● WORK REQUIRED
Among the entries below, find the lines with the word "nMxz" and copy them.

(Records contained in a dataset)
- Opening Delimiter -

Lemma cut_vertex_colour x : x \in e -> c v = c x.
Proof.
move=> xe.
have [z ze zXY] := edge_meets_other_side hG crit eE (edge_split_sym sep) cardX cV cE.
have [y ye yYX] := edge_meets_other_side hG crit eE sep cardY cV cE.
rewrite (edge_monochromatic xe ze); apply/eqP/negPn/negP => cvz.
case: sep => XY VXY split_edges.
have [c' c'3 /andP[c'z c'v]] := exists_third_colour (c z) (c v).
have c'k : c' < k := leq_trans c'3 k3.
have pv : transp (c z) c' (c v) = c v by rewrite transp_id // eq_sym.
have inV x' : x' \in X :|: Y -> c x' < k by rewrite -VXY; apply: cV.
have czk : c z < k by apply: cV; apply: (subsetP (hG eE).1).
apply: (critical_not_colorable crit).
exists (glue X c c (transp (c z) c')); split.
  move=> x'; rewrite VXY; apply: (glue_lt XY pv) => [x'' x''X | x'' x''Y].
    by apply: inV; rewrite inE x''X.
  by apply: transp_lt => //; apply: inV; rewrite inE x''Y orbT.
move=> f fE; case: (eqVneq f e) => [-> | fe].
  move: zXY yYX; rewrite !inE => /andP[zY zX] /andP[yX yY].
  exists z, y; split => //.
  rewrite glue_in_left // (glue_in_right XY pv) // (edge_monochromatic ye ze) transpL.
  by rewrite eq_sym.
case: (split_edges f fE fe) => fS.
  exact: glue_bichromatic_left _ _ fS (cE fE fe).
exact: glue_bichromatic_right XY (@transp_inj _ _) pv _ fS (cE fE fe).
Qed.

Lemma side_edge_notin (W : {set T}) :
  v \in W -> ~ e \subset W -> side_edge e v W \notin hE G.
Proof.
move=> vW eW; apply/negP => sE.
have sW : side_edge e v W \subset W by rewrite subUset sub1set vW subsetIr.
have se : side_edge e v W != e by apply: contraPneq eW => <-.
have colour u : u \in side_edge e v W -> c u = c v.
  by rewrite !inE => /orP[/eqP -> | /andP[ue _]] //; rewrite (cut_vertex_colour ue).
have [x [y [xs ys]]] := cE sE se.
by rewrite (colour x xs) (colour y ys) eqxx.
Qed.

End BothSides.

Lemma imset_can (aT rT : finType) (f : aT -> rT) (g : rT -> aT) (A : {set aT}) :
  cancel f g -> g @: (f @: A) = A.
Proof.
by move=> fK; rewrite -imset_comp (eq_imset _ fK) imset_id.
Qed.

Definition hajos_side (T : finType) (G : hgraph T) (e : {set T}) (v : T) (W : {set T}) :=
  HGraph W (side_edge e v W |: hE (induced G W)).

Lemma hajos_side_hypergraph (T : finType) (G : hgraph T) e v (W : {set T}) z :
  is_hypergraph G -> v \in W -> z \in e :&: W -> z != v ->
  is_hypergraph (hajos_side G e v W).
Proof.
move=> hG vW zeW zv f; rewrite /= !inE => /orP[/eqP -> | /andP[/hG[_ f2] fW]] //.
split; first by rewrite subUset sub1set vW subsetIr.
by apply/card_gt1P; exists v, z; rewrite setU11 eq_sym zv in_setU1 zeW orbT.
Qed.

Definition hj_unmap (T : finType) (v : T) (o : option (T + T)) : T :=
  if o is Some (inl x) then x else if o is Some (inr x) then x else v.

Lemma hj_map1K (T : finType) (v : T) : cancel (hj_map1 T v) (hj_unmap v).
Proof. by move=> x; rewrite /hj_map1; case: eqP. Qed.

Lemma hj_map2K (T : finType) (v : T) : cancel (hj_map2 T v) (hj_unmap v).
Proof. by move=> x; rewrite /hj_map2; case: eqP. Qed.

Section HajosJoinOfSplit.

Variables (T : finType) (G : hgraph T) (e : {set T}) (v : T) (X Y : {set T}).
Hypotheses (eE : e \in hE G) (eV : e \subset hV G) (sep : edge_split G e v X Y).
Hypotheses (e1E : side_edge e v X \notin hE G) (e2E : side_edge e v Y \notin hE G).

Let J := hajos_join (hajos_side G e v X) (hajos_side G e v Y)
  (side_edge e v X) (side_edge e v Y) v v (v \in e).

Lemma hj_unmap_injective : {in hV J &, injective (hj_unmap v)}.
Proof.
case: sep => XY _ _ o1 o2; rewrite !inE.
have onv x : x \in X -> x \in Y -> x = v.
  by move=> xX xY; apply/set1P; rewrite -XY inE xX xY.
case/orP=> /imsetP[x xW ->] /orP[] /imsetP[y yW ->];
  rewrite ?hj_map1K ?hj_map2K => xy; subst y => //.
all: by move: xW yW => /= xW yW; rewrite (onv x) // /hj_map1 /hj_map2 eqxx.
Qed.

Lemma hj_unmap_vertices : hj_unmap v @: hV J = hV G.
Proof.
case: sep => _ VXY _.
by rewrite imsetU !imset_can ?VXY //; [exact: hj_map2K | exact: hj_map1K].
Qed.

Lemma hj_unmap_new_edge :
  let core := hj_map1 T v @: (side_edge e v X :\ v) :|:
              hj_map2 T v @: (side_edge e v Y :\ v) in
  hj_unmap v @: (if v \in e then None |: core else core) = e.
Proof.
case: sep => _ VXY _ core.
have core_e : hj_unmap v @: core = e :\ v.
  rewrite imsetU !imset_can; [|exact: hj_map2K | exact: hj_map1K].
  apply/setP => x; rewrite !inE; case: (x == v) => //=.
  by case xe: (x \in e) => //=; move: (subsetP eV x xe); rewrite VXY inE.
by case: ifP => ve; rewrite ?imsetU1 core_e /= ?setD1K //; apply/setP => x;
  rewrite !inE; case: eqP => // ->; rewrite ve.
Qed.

- Closing Delimiter -
- Opening Delimiter -

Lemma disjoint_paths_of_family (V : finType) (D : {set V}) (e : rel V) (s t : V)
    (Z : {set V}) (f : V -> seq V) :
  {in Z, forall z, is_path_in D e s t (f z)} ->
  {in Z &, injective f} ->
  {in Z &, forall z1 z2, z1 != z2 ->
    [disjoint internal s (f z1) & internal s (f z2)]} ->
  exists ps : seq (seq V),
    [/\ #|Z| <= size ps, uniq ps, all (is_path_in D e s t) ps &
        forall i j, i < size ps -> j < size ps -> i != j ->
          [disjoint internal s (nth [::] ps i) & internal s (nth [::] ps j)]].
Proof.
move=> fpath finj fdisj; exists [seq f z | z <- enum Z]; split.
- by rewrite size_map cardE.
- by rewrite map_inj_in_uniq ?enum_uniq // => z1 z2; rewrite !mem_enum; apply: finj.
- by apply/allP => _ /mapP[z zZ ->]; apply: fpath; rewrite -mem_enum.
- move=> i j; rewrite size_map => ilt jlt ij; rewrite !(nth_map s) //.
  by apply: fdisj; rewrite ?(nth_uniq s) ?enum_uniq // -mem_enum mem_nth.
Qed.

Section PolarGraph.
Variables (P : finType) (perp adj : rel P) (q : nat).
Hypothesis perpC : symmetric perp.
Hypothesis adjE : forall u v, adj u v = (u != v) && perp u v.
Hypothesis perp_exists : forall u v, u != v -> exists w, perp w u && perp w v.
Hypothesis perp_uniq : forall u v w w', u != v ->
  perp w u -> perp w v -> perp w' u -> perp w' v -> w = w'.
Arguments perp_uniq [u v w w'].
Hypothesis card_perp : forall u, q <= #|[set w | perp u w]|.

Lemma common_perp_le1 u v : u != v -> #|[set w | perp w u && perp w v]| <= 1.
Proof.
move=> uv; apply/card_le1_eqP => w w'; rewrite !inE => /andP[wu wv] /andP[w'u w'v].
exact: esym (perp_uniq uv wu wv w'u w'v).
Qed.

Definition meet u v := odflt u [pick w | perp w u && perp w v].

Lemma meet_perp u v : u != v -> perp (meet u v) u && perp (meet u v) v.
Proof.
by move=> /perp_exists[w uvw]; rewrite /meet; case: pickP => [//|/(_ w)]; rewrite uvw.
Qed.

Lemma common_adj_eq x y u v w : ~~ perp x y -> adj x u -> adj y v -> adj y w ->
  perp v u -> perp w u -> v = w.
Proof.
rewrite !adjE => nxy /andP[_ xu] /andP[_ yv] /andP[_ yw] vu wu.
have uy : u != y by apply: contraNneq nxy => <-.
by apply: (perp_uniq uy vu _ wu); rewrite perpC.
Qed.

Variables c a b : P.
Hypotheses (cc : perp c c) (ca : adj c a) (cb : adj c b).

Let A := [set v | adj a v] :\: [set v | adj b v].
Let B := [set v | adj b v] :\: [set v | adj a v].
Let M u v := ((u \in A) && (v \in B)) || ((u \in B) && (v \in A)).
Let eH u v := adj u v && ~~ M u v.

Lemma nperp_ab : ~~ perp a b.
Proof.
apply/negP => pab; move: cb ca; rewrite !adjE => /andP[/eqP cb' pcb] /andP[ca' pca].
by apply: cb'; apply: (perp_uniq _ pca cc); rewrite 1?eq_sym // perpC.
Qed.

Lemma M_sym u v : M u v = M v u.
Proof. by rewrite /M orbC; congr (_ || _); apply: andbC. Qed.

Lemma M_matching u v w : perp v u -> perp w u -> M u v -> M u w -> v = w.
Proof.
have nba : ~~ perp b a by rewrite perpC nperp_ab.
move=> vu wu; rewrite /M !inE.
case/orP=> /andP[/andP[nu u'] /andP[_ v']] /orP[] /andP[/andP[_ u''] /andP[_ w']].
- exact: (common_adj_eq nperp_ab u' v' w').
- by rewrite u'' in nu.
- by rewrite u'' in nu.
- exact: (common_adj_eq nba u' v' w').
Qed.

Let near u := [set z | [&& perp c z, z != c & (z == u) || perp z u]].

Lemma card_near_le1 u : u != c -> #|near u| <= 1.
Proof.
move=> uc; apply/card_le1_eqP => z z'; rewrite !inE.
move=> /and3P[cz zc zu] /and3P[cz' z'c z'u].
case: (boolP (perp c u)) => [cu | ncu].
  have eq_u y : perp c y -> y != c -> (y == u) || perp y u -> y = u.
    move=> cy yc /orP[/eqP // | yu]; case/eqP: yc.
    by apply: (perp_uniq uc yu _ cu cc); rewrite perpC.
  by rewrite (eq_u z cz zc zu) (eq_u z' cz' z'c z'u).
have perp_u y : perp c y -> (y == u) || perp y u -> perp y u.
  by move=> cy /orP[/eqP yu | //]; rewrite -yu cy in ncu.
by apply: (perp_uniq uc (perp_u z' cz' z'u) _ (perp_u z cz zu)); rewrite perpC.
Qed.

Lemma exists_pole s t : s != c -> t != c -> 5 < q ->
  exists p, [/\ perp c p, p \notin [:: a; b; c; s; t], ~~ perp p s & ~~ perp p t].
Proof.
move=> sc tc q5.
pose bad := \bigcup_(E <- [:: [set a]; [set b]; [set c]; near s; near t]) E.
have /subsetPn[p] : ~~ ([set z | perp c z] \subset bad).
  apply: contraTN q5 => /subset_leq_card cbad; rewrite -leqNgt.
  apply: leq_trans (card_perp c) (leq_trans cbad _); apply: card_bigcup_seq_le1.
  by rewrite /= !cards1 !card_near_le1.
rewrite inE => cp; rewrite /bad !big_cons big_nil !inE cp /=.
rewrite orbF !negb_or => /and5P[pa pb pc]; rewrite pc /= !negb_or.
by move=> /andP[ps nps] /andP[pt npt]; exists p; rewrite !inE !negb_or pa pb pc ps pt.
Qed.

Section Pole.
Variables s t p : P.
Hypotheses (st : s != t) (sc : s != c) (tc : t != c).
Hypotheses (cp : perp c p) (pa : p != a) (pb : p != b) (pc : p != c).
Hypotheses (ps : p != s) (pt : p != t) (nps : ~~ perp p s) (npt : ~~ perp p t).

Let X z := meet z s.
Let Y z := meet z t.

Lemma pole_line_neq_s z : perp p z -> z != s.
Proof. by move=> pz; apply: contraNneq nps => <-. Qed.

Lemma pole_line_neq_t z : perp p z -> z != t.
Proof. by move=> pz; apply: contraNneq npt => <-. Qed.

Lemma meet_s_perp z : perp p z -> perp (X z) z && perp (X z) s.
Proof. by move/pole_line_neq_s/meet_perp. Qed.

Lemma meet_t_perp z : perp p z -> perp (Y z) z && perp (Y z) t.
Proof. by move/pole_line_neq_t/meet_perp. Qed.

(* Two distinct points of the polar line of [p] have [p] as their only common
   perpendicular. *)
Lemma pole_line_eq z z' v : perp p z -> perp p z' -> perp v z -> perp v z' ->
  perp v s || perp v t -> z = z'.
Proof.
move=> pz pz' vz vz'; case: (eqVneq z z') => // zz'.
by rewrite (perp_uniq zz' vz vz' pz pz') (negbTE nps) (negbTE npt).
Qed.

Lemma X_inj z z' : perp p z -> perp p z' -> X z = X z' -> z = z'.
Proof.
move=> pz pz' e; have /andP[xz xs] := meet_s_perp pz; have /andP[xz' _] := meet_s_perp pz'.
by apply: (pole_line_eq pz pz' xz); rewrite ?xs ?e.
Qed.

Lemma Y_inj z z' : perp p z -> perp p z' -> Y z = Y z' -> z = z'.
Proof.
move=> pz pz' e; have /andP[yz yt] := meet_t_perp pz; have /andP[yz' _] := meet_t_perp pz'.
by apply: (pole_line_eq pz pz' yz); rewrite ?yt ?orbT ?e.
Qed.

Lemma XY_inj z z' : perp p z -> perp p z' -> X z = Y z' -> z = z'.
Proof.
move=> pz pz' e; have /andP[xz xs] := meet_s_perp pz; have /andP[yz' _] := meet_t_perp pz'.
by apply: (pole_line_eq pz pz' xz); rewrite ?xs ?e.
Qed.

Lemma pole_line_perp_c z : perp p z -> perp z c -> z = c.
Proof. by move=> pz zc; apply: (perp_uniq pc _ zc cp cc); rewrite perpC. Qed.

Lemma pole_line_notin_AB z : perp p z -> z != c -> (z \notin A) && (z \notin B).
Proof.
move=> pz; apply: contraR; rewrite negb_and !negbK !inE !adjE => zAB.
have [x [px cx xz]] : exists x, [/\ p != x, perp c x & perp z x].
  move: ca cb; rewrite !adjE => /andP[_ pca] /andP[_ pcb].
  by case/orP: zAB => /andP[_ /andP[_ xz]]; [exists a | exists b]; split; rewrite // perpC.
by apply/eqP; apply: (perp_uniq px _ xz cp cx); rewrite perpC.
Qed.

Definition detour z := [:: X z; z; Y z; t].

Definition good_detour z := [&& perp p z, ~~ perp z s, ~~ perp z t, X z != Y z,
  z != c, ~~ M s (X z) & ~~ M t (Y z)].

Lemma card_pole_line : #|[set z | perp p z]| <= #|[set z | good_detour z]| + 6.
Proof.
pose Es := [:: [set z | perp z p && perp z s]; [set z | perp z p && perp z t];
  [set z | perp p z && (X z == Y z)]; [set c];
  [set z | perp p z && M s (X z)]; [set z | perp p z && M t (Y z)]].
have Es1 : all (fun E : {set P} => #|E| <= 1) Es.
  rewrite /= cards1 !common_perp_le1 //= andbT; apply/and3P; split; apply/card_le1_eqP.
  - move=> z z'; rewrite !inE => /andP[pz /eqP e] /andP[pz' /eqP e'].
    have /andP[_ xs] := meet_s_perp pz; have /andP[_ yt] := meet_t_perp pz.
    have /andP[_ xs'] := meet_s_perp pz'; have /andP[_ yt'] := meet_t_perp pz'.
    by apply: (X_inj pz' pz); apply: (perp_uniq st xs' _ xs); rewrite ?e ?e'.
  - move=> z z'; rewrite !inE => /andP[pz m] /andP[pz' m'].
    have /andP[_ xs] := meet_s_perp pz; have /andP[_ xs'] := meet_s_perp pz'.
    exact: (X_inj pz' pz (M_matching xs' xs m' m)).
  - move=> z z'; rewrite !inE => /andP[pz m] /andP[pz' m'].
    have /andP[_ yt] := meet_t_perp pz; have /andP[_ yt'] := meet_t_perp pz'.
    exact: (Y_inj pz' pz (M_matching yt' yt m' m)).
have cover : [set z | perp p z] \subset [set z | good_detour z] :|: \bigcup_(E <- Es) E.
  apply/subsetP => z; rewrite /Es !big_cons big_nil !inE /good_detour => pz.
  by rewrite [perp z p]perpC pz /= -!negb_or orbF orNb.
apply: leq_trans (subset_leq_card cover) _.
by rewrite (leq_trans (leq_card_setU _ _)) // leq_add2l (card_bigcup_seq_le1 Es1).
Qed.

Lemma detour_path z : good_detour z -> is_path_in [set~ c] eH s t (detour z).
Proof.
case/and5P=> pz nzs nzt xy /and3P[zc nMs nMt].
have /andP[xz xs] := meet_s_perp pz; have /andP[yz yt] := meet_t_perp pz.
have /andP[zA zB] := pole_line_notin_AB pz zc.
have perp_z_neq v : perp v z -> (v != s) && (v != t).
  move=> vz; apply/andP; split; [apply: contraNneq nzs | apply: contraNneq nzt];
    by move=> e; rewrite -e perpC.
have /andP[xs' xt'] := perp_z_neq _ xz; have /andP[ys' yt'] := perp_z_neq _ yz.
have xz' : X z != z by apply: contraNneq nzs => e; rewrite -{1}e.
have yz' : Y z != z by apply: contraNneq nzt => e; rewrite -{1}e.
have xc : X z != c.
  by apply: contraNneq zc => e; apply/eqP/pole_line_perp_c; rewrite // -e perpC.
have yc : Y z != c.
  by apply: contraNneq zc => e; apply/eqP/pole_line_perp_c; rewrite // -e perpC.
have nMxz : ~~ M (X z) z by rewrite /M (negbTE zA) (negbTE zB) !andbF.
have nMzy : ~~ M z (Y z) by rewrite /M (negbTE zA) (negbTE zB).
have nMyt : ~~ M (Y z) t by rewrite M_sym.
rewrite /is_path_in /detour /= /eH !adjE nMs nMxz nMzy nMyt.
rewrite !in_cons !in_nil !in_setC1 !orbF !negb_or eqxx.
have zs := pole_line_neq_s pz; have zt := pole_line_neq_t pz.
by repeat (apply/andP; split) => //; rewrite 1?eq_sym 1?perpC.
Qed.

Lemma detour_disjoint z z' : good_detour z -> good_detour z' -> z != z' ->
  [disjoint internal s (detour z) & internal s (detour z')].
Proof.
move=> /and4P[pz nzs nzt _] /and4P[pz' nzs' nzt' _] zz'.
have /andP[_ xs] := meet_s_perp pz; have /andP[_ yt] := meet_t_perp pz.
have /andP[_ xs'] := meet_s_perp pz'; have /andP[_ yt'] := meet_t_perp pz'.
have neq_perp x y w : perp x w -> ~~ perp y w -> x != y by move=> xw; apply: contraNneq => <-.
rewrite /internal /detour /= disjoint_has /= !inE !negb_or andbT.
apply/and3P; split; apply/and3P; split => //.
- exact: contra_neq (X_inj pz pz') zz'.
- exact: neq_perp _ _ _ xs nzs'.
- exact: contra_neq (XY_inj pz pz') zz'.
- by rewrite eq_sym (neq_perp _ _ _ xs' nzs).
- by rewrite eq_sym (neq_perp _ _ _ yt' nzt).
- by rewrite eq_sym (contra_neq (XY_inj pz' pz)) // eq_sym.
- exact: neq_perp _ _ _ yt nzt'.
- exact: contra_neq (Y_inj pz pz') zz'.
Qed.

- Closing Delimiter -

● TASK OUTPUT
have nMxz : ~~ M (X z) z by rewrite /M (negbTE zA) (negbTE zB) !andbF.
rewrite /is_path_in /detour /= /eH !adjE nMs nMxz nMzy nMyt.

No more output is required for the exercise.